Friday, October 25, 2024

2 Minutes. Go!

I wasn't forged in a crucible. I'm not made of iron, and I wasn't wrought from some kind of heroic mold. I am self-guided and maybe even autonomous. I am irrelevant. Tiny. Just like you. And it is so beautiful. It is wonderful to be so small that you can hide in secret places. You can almost disappear. It is almost like being magical. Almost. 

I'm a momentary collection of some kind of existence expressing itself through puppetry...I am a bag of blood and bones and veins and shit. I wasn't called upon to take on any kind of heroic quest. There was no call to arms. The world is fine with letting me quietly sit in the back. 

I'm not an optimist. I'm not one of those people who makes other people happy with their existence. I think I try to be a realist, but I'm not always reasonable, and, really, I don't like labels. I'm not sitting on the shelf of some grocery store for you to gawk at. 

I am engaged with being engaged. I like shiny things. I like to hear birds sing.

I was not sculpted in marble. I am not an archetype. I am not a salesman, and I have no savvy hype. I am so small, I am disappearing as you read this. One more stiff breeze, and I'll be gone. 

I am not some kind of art installation for you to stare at. I am not a performance. I am guiding my flesh suit as best I can. I can almost pretend that I'm like you. I'm usually so good at pretending. 

I am a beautiful nothing. That's all. 

A speck.

       .

Friday, October 18, 2024

2 Minutes. Go!

There are places you can find where their is no noise. No light. These dark spaces allow you to catch your breath. Imagine the sensory stimulus you are constantly bombarded with...it's a miracle that any of our brains work at all. Mine works hard, so sometimes I have to find that dark, quiet place. 

Sometimes I can find the place fishing. It was easy to find it at the bottom of a bottle. Fishing doesn't make you wake up sad and paranoid and anxious. So, I stick to fishing, but it doesn't work as well as whiskey. 

Fishing doesn't have the same power, but it doesn't leave me broken.

It sometimes seems like life is a test. Are you able to find the dark places you need? If not, you will be a failure.
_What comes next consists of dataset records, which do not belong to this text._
(* Under the standing assumptions, for any fixed $\lambda>0$, with $\eta_1=\frac1d+\frac{\lambda}{n^{1-(k-1)\alpha}\ln d}$, $$\sum_{0\le S\le n\eta_1}\Phi(S)\le \exp\left\{\frac{k\lambda p r}{1-p}\right\}+o(1)\quad (n\to\infty),$$ the sum being over integers $S$.
   Context: Parameters: integer $k\ge2$, constants $\alpha>0$, $r>0$, $0<p<1$; $d=n^{\alpha}$ (treated as an integer), $m=n\ln d$, $\tau=\frac1{1-p}$, $r_{cr}=\frac1{\ln\tau}$. Standing assumptions: $(2k-1)\alpha>1$, $k\alpha\le1$, $k\ge\frac{\tau\ln\tau}{\tau-1}$, and $r<r_{cr}$. Notation: $f(s)=1+\frac{p}{1-p}\cdot\frac{s^k-d^{-k}}{1-d^{-k}}$ for $s\in[0,1]$; $B(S)=\binom{n}{S}\left(\frac1d\right)^{S}\left(1-\frac1d\right)^{n-S}$; $W(S)=f(S/n)^{rm}$; $\Phi(S)=B(S)W(S)$ for $S=0,1,\dots,n$. Limits are as $n\to\infty$ with all constants fixed. *)

From Stdlib Require Import Reals.
Open Scope R_scope.

Definition dd (alpha : R) (n : nat) : R := Rpower (INR n) alpha.
Definition mm (alpha : R) (n : nat) : R := INR n * ln (dd alpha n).
Definition tau (p : R) : R := 1 / (1 - p).
Definition r_cr (p : R) : R := 1 / ln (tau p).

Definition ff (k : nat) (p d s : R) : R :=
  1 + p / (1 - p) * ((s ^ k - / d ^ k) / (1 - / d ^ k)).

Definition BB (alpha : R) (n S : nat) : R :=
  Binomial.C n S * (/ dd alpha n) ^ S * (1 - / dd alpha n) ^ (n - S).

Definition WW (k : nat) (alpha r p : R) (n S : nat) : R :=
  Rpower (ff k p (dd alpha n) (INR S / INR n)) (r * mm alpha n).

Definition Phi (k : nat) (alpha r p : R) (n S : nat) : R :=
  BB alpha n S * WW k alpha r p n S.

Definition eta1 (k : nat) (alpha lambda : R) (n : nat) : R :=
  / dd alpha n
  + lambda / (Rpower (INR n) (1 - (INR k - 1) * alpha) * ln (dd alpha n)).

Definition sum_Phi (k : nat) (alpha r p lambda : R) (n : nat) : R :=
  sum_f_R0 (fun S => if Rle_dec (INR S) (INR n * eta1 k alpha lambda n)
                     then Phi k alpha r p n S else 0) n.

From Stdlib Require Import Reals Lra Lia Psatz.
Open Scope R_scope.

(* 1. W is nondecreasing in S and the B(S) are binomial weights summing to 1,
      so the truncated sum is at most W(n eta_1) = f(eta_1)^(r m).
   2. Since ln u <= u - 1, f(eta_1)^(r m) <= exp(r m (f(eta_1) - 1)), and
      r m (f(eta_1) - 1) = r p/(1-p) * m (eta_1^k - d^-k) / (1 - d^-k).
   3. Writing eta_1 = 1/d + b, the increment bound (a+b)^k - a^k <= k b (a+b)^(k-1)
      together with n = n^(1-(k-1)alpha) d^(k-1) and d <= n^(1-(k-1)alpha)
      (i.e. k alpha <= 1) gives  m (eta_1^k - d^-k) <= k lambda (1 + lambda/ln d)^(k-1).
      Hence, for every n with ln d > 0, the sum is at most
      exp(A (1 + lambda/ln d)^(k-1) / (1 - d^-k)),  A = k lambda p r/(1-p).
   4. The correction factor is at most exp(((k-1) lambda + 2)/ln d), and ln d -> oo,
      so the exponent eventually drops below ln(exp A + eps). *)

Lemma exp_le_compat (x y : R) : x <= y -> exp x <= exp y.
Proof. intros [Hlt|Heq]; [left; now apply exp_increasing | now rewrite Heq; right]. Qed.

Lemma exp_pow (z : R) (j : nat) : exp z ^ j = exp (INR j * z).
Proof. rewrite <- Rpower_pow by apply exp_pos. unfold Rpower. now rewrite ln_exp. Qed.

Lemma ln_le_pred (v : R) : 0 < v -> ln v <= v - 1.
Proof. intros Hv. pose proof (exp_ineq1_le (ln v)) as H. rewrite exp_ln in H; lra. Qed.

Lemma Rpower_le_exp_pred (u c : R) : 0 < u -> 0 <= c -> Rpower u c <= exp (c * (u - 1)).
Proof.
  intros Hu Hc. unfold Rpower. apply exp_le_compat, Rmult_le_compat_l; [exact Hc|].
  now apply ln_le_pred.
Qed.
And no one likes a failure. 

Sleep is nice if you can't remember your dreams. Sometimes, I get that break. Sometimes, I don't. 
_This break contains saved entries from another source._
(* Let $A$ be a finite set of lines in $\mathbb{R}^2$. For every open halfplane $S_1$ and every set $S_2\subseteq\mathbb{R}^2$, $$\mu_A(S_1\cup S_2)\le \mu_A(S_1)\,\mu_A(S_2).$$
   Context: For a finite set $A$ of lines in $\mathbb{R}^2$, $V(A)$ denotes the set of all intersection points of pairs of lines of $A$. For $S\subseteq\mathbb{R}^2$, $\mu_A(S)=\max\{|A'| : A'\subseteq A,\ V(A')\subseteq S\}$ (so $\mu_A(S)\ge 1$ whenever $A\neq\emptyset$). *)

(* The plane R^2 is modelled as R * R for an arbitrary
   real (ordered) field R; the statement is then stated for every
   R : realFieldType (in particular for the real numbers). *)
From HB Require Import structures.
From mathcomp Require Import all_boot all_order all_algebra.
Set Implicit Arguments. Unset Strict Implicit. Unset Printing Implicit Defensive.
Import Order.TTheory GRing.Theory Num.Theory.
Local Open Scope ring_scope.

(* A line is given by coefficients (a, b, c) with (a, b) <> (0, 0);
   it is the point set { (x, y) | a x + b y = c }. *)
Definition line_nondeg (R : realFieldType) (l : R * R * R) : bool :=
  (l.1.1 != 0) || (l.1.2 != 0).

Definition on_line (R : realFieldType) (l : R * R * R) (p : R * R) : bool :=
  l.1.1 * p.1 + l.1.2 * p.2 == l.2.

(* A finite set of lines: a sequence A of nondegenerate coefficient
   triples whose point sets are pairwise distinct. *)
Definition line_family (R : realFieldType) (A : seq (R * R * R)) : Prop :=
  (forall i : 'I_(size A), line_nondeg (tnth (in_tuple A) i)) /\
  (forall i j : 'I_(size A), i != j ->
     exists p : R * R,
       on_line (tnth (in_tuple A) i) p != on_line (tnth (in_tuple A) j) p).

(* V(A') subset S, where A' is the set of lines of A indexed by B:
   every intersection point of two distinct lines of A' lies in S. *)
Definition V_sub (R : realFieldType) (A : seq (R * R * R))
    (B : {set 'I_(size A)}) (S : R * R -> Prop) : Prop :=
  forall (i j : 'I_(size A)) (p : R * R), i \in B -> j \in B -> i != j ->
    on_line (tnth (in_tuple A) i) p -> on_line (tnth (in_tuple A) j) p -> S p.

(* is_mu A S m  <->  m = mu_A(S) = max { |A'| : A' subset A, V(A') subset S } *)
Definition is_mu (R : realFieldType) (A : seq (R * R * R))
    (S : R * R -> Prop) (m : nat) : Prop :=
  (exists B : {set 'I_(size A)}, V_sub B S /\ #|B| = m) /\
  (forall B : {set 'I_(size A)}, V_sub B S -> (#|B| <= m)%N).

Definition open_halfplane (R : realFieldType) (S : R * R -> Prop) : Prop :=
  exists a b c : R, ((a != 0) || (b != 0)) /\
    forall p : R * R, S p <-> c < a * p.1 + b * p.2.

From HB Require Import structures.
From mathcomp Require Import all_boot all_order all_algebra ring lra.
Import Order.TTheory GRing.Theory Num.Theory.
Set Implicit Arguments. Unset Strict Implicit. Unset Printing Implicit Defensive.

(* Let A' be a subfamily of A with V(A') in S1 u S2.  Partially order A' so
   that two distinct lines are comparable exactly when they meet inside the
   open halfplane S1.  A chain then has all its intersection points in S1, so
   it has at most mu(S1) lines; an antichain has all of them outside S1, hence
   in S2, so it has at most mu(S2) lines.  The dual of Dilworth's theorem
   (Mirsky) bounds |A'| by the product.  The order comes from coordinates
   adapted to S1: a line not parallel to its boundary is the graph of an affine
   function of the height above the boundary, and two such graphs cross at
   positive height iff their values at height 0 and their slopes are in
   opposite order. *)

Lemma card_le_mul_levels (T : finType) (f : T -> nat) (B : {set T}) (h w : nat) :
  {in B, forall x, 0 < f x <= h} ->
  (forall k, #|[set x in B | f x == k]| <= w) ->
  #|B| <= h * w.
Proof.
move=> f_range level_le.
suff card_low n : #|[set x in B | f x <= n]| <= n * w.
  suff -> : B = [set x in B | f x <= h] by [].
  by apply/setP => x; rewrite inE; case: (boolP (x \in B)) => // /f_range /andP[].
elim: n => [|n IHn].
  rewrite leqn0 cards_eq0; apply/eqP/setP => x; rewrite !inE leqn0.
  apply/negbTE/andP => -[/f_range /andP[fx_gt0 _] /eqP fx0].
  by rewrite fx0 in fx_gt0.
apply: (@leq_trans #|[set x in B | f x <= n] :|: [set x in B | f x == n.+1]|).
  apply: subset_leq_card; apply/subsetP => x; rewrite !inE.
  by case/andP=> -> /=; rewrite leq_eqVlt ltnS orbC.
apply: leq_trans (leq_card_setU _ _).1 _.
by rewrite mulSn addnC leq_add.
Qed.

Section ChainAntichain.
Variables (T : finType) (r : rel T) (B : {set T}).
Hypotheses (r_irr : irreflexive r) (r_trans : transitive r).

Definition chain (C : {set T}) : bool :=
  [forall x in C, forall y in C, (x != y) ==> r x y || r y x].

Definition antichain (D : {set T}) : bool :=
  [forall x in D, forall y in D, ~~ r x y].

Definition chain_to (x : T) (C : {set T}) : bool :=
  [&& C \subset B, x \in C, chain C & [forall y in C, (y == x) || r y x]].

Definition height (x : T) : nat := \max_(C | chain_to x C) #|C|.

Lemma chain_to1 x : x \in B -> chain_to x [set x].
Proof.
move=> xB; rewrite /chain_to sub1set xB set11 /=.
apply/andP; split; apply/forall_inP => y /set1P ->; last by rewrite eqxx.
by apply/forall_inP => z /set1P ->; rewrite eqxx.
Qed.

Lemma chain_toU1 x y C : y \in B -> r x y -> chain_to x C -> chain_to y (y |: C).
Proof.
move=> yB rxy /and4P[sCB xC /forall_inP C_chain /forall_inP C_to].
have C_lt u : u \in C -> r u y.
  by move=> uC; case/orP: (C_to u uC) => [/eqP -> //| rux]; apply: r_trans rux rxy.
rewrite /chain_to subUset sub1set yB sCB setU11 /=; apply/andP; split.
  apply/forall_inP => u /setU1P[-> | uC]; apply/forall_inP => v /setU1P[-> | vC];
    apply/implyP => uv.
  - by rewrite eqxx in uv.
  - by rewrite C_lt ?orbT.
  - by rewrite C_lt.
  - by move/forall_inP: (C_chain u uC) => /(_ v vC) /implyP; apply.
by apply/forall_inP => u /setU1P[-> | /C_lt ->]; rewrite ?eqxx ?orbT.
Qed.

Lemma height_gt0 x : x \in B -> 0 < height x.
Proof.
move=> xB; have := @leq_bigmax_cond _ (chain_to x) (fun C => #|C|) _ (chain_to1 xB).
by rewrite cards1.
Qed.

Lemma height_le (h : nat) x :
  (forall C : {set T}, C \subset B -> chain C -> #|C| <= h) -> height x <= h.
Proof.
by move=> chain_le; apply/bigmax_leqP => C /and4P[sCB _ C_chain _]; apply: chain_le.
Qed.

Lemma height_lt x y : y \in B -> r x y -> height x < height y.
Proof.
move=> yB rxy; rewrite -(prednK (height_gt0 yB)) ltnS.
apply/bigmax_leqP => C C_to; rewrite -ltnS prednK ?height_gt0 //.
have y_notin_C : y \notin C.
  case/and4P: C_to => _ _ _ /forall_inP C_to.
  apply/negP => /C_to /orP[/eqP yx | ryx]; first by rewrite yx r_irr in rxy.
  by have := r_irr y; rewrite (r_trans ryx rxy).
have := @leq_bigmax_cond _ (chain_to y) (fun C => #|C|) _ (chain_toU1 yB rxy C_to).
by rewrite cardsU1 y_notin_C.
Qed.

Lemma antichain_level k : antichain [set x in B | height x == k].
Proof.
apply/forall_inP => x; rewrite inE => /andP[_ /eqP hx].
apply/forall_inP => y; rewrite inE => /andP[yB /eqP hy].
by apply/negP => /(height_lt yB); rewrite hx hy ltnn.
Qed.

Lemma card_le_chain_mul_antichain (h w : nat) :
  (forall C : {set T}, C \subset B -> chain C -> #|C| <= h) ->
  (forall D : {set T}, D \subset B -> antichain D -> #|D| <= w) ->
  #|B| <= h * w.
Proof.
move=> chain_le antichain_le.
apply: (@card_le_mul_levels _ height) => [x xB | k].
  by rewrite height_gt0 ?height_le.
by apply: antichain_le (antichain_level k); apply/subsetP => x; rewrite inE => /andP[].
Qed.

End ChainAntichain.

Local Open Scope ring_scope.

Section HalfplaneCoordinates.
Variables (R : realFieldType) (a b c : R).
Hypothesis ab_neq0 : (a != 0) || (b != 0).

(* Coordinates adapted to the halfplane c < a x + b y: its boundary is
   [altitude = 0] and [abscissa] runs along it. *)
Definition altitude (p : R * R) : R := a * p.1 + b * p.2 - c.
Definition abscissa (p : R * R) : R := a * p.2 - b * p.1.

(* [tilt l = 0] iff [l] is parallel to the boundary, in which case [l] is
   [altitude = level l]; otherwise [l] is
   [abscissa = intercept l + slope l * altitude]. *)
Definition tilt (l : R * R * R) : R := l.1.1 * b - l.1.2 * a.
Definition ldot (l : R * R * R) : R := a * l.1.1 + b * l.1.2.
Definition loffset (l : R * R * R) : R := ldot l * c - (a ^+ 2 + b ^+ 2) * l.2.

Definition intercept l := loffset l / tilt l.
Definition slope l := ldot l / tilt l.
Definition level l := - loffset l / ldot l.

Lemma sqr_add_sqr_eq0 (x y : R) : (x ^+ 2 + y ^+ 2 == 0) = (x == 0) && (y == 0).
Proof. by rewrite paddr_eq0 ?sqr_ge0 // !sqrf_eq0. Qed.

Lemma norm2_neq0 : a ^+ 2 + b ^+ 2 != 0.
Proof. by rewrite sqr_add_sqr_eq0 negb_and. Qed.

Lemma on_line_coordE l p :
  on_line l p = (tilt l * abscissa p - ldot l * altitude p == loffset l).
Proof.
have -> : (tilt l * abscissa p - ldot l * altitude p == loffset l)
          = (- (a ^+ 2 + b ^+ 2) * (l.1.1 * p.1 + l.1.2 * p.2 - l.2) == 0).
  rewrite -subr_eq0; congr (_ == 0).
  by rewrite /loffset /tilt /ldot /abscissa /altitude; ring.
by rewrite mulf_eq0 oppr_eq0 (negbTE norm2_neq0) subr_eq0.
Qed.

Lemma on_line_slopeE l p : tilt l != 0 ->
  on_line l p = (abscissa p == intercept l + slope l * altitude p).
Proof.
move=> tilt_neq0; rewrite on_line_coordE /intercept /slope.
apply/eqP/eqP => [<- | ->]; field; exact: tilt_neq0.
Qed.

Lemma ldot_neq0 l : line_nondeg l -> tilt l = 0 -> ldot l != 0.
Proof.
move=> l_nondeg tilt0; apply: contraTneq l_nondeg => ldot0.
have : tilt l ^+ 2 + ldot l ^+ 2 = (a ^+ 2 + b ^+ 2) * (l.1.1 ^+ 2 + l.1.2 ^+ 2).
  by rewrite /tilt /ldot; ring.
rewrite tilt0 ldot0 !expr2 !mul0r addr0 => /esym/eqP.
by rewrite mulf_eq0 (negbTE norm2_neq0) -!expr2 sqr_add_sqr_eq0 /line_nondeg negb_or !negbK.
Qed.

Lemma on_line_levelE l p : line_nondeg l -> tilt l = 0 ->
  on_line l p = (altitude p == level l).
Proof.
move=> l_nondeg tilt0; have := ldot_neq0 l_nondeg tilt0.
rewrite on_line_coordE tilt0 /level mul0r sub0r => ldot_neq0.
apply/eqP/eqP => [<- | ->]; field; exact: ldot_neq0.
Qed.

(* Lines parallel to the boundary inside the halfplane lie below every line
   not parallel to it; lines parallel to it outside are below nothing. *)
Definition below (l1 l2 : R * R * R) : bool :=
  (tilt l2 != 0) &&
  (if tilt l1 != 0 then (intercept l1 < intercept l2) && (slope l2 < slope l1)
   else 0 < level l1).

Lemma below_irr : irreflexive below.
Proof. by move=> l; rewrite /below; case: (tilt l != 0); rewrite ?ltxx. Qed.

Lemma below_trans : transitive below.
Proof.
move=> l2 l1 l3 /andP[tilt2 below12] /andP[tilt3].
rewrite tilt2 => /andP[lt_i23 lt_s32].
rewrite /below tilt3; case: (tilt l1 != 0) below12 => // /andP[lt_i12 lt_s21].
by rewrite (lt_trans lt_i12 lt_i23) (lt_trans lt_s32 lt_s21).
Qed.

Lemma meet_altitude_gt0 l1 l2 p :
  line_nondeg l1 -> line_nondeg l2 -> ~ on_line l1 =1 on_line l2 ->
  on_line l1 p -> on_line l2 p ->
  (0 < altitude p) = below l1 l2 || below l2 l1.
Proof.
move=> nd1 nd2 l12_neq; rewrite /below.
have [tilt1|tilt1] := eqVneq (tilt l1) 0; have [tilt2|tilt2] := eqVneq (tilt l2) 0.
- rewrite !on_line_levelE // => /eqP e1 /eqP e2; case: l12_neq => q.
  by rewrite !on_line_levelE // -e1 -e2.
- by rewrite on_line_levelE // => /eqP <- _; rewrite orbF.
- by rewrite [on_line l2 p]on_line_levelE // => _ /eqP <-.
rewrite !on_line_slopeE // => /eqP e1 /eqP e2.
case: (ltgtP (slope l1) (slope l2)) => [lt_s | lt_s | eq_s]; rewrite ?andbF ?andbT /=.
- by apply/idP/idP => ?; nra.
- by apply/idP/idP => ?; nra.
case: l12_neq => q; rewrite !on_line_slopeE // eq_s.
suff -> : intercept l1 = intercept l2 by [].
by apply: (addIr (slope l1 * altitude p)); rewrite -e1 e2 eq_s.
Qed.

End HalfplaneCoordinates.

Theorem lemma1 (R : realFieldType) (A : seq (R * R * R))
    (S1 S2 : R * R -> Prop) (m1 m2 m : nat) :
  line_family A -> open_halfplane S1 ->
  is_mu A S1 m1 -> is_mu A S2 m2 ->
  is_mu A (fun p => S1 p \/ S2 p) m ->
  (m <= m1 * m2)%N.
Proof.
move=> [nondegA distinctA] [a [b [c [ab_neq0 S1E]]]] [_ mu1_max] [_ mu2_max].
move=> [[B [VB <-]] _].
pose L i := tnth (in_tuple A) i.
have L_neq i j : i != j -> ~ on_line (L i) =1 on_line (L j).
  by move=> /(distinctA i j) [q] + Lij; rewrite Lij eqxx.
have meet_S1 i j p : i != j -> on_line (L i) p -> on_line (L j) p ->
    S1 p <-> below a b c (L i) (L j) || below a b c (L j) (L i).
  move=> ij pi pj.
  rewrite -(meet_altitude_gt0 c ab_neq0 (nondegA i) (nondegA j) (L_neq i j ij) pi pj).
  by rewrite S1E /altitude subr_gt0.
apply: (@card_le_chain_mul_antichain _ (fun i j => below a b c (L i) (L j)))
  => [i | j i k | C _ C_chain | D D_sub D_anti].
- exact: below_irr.
- exact: below_trans.
- apply: mu1_max => i j p iC jC ij pi pj; apply/(meet_S1 i j) => //.
  by move/forall_inP: C_chain => /(_ i iC) /forall_inP /(_ j jC); rewrite ij.
- apply: mu2_max => i j p iD jD ij pi pj.
  have [|//] := VB i j p (subsetP D_sub _ iD) (subsetP D_sub _ jD) ij pi pj.
  move=> /(meet_S1 i j p ij pi pj); move/forall_inP: D_anti => D_anti.
  by rewrite (negbTE (forall_inP (D_anti i iD) j jD)) (negbTE (forall_inP (D_anti j jD) i iD)).
Qed.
At the end of the day, we are only the safety we feel. We are the subconscious cocoon we create for ourselves. If you don't have one, make one. Try to avoid whiskey. It pays dividends you don't want. 

Trust me.

Friday, October 11, 2024

2 Minutes. Go!

The sounds from the wall are becoming more frequent. More intense. It is a scraping sound. A desperate sound. You thought it was the drugs, but now the drugs are gone, and the noise is not. This is unsettling. This is awful. This is par for the course.

Maybe it's animals. That's what you tell yourself, but you know that you deserve something more than animals in the walls. You deserve to be haunted, tortured; you are begging for it. 

You turn the lights on. Turn them off. Hope that it will make the noise stop, but, if anything, it just gets louder. More insistent. You start attributing emotions to the sound. The sound is getting angry. 

The police will find a scene they can't begin to explain. The cops will call the station and say, "no, not just dead....torn apart! The whole place is covered in blood." The younger cops feel frightened. They shake and it rattles the guns and batons and tasers they wear. There is nothing worse than a cowardly cop.

They will eventually give up. The house will be torn down. 

There are walls everywhere, though. This is just a temporary lull. 

Can you hear it?

Friday, October 4, 2024

2 Minutes. Go!

You can smile through the pain, but the smile is only on the outside. Inside, you are anything but smiling. You are scared. They were right. You are living your life of quiet desperation. It's not something to be ashamed of. It is all too common. 

When you're small, they shame you for crying. They shame you for showing too much emotion. Too happy is almost as bad as too sad. They set these expectations and give you fucked up ways to look at yourself. 

As you age, they talk about authenticity, but they don't mean it. They don't want to know your sorrows...they just want to see that smile. How are you? Me? I'm fine. Short and sweet. No one has to think too much about it. No empathy required.

The thing they don't tell you is that you are giving up a lot in living for other people. You are taking shots you shouldn't take. You're the one that feels bad. That makes you right. 

I don't know, honestly. I'm just a bag of bones and shit like you. Sometimes, I feel superior, but most of the time I try not to feel at all.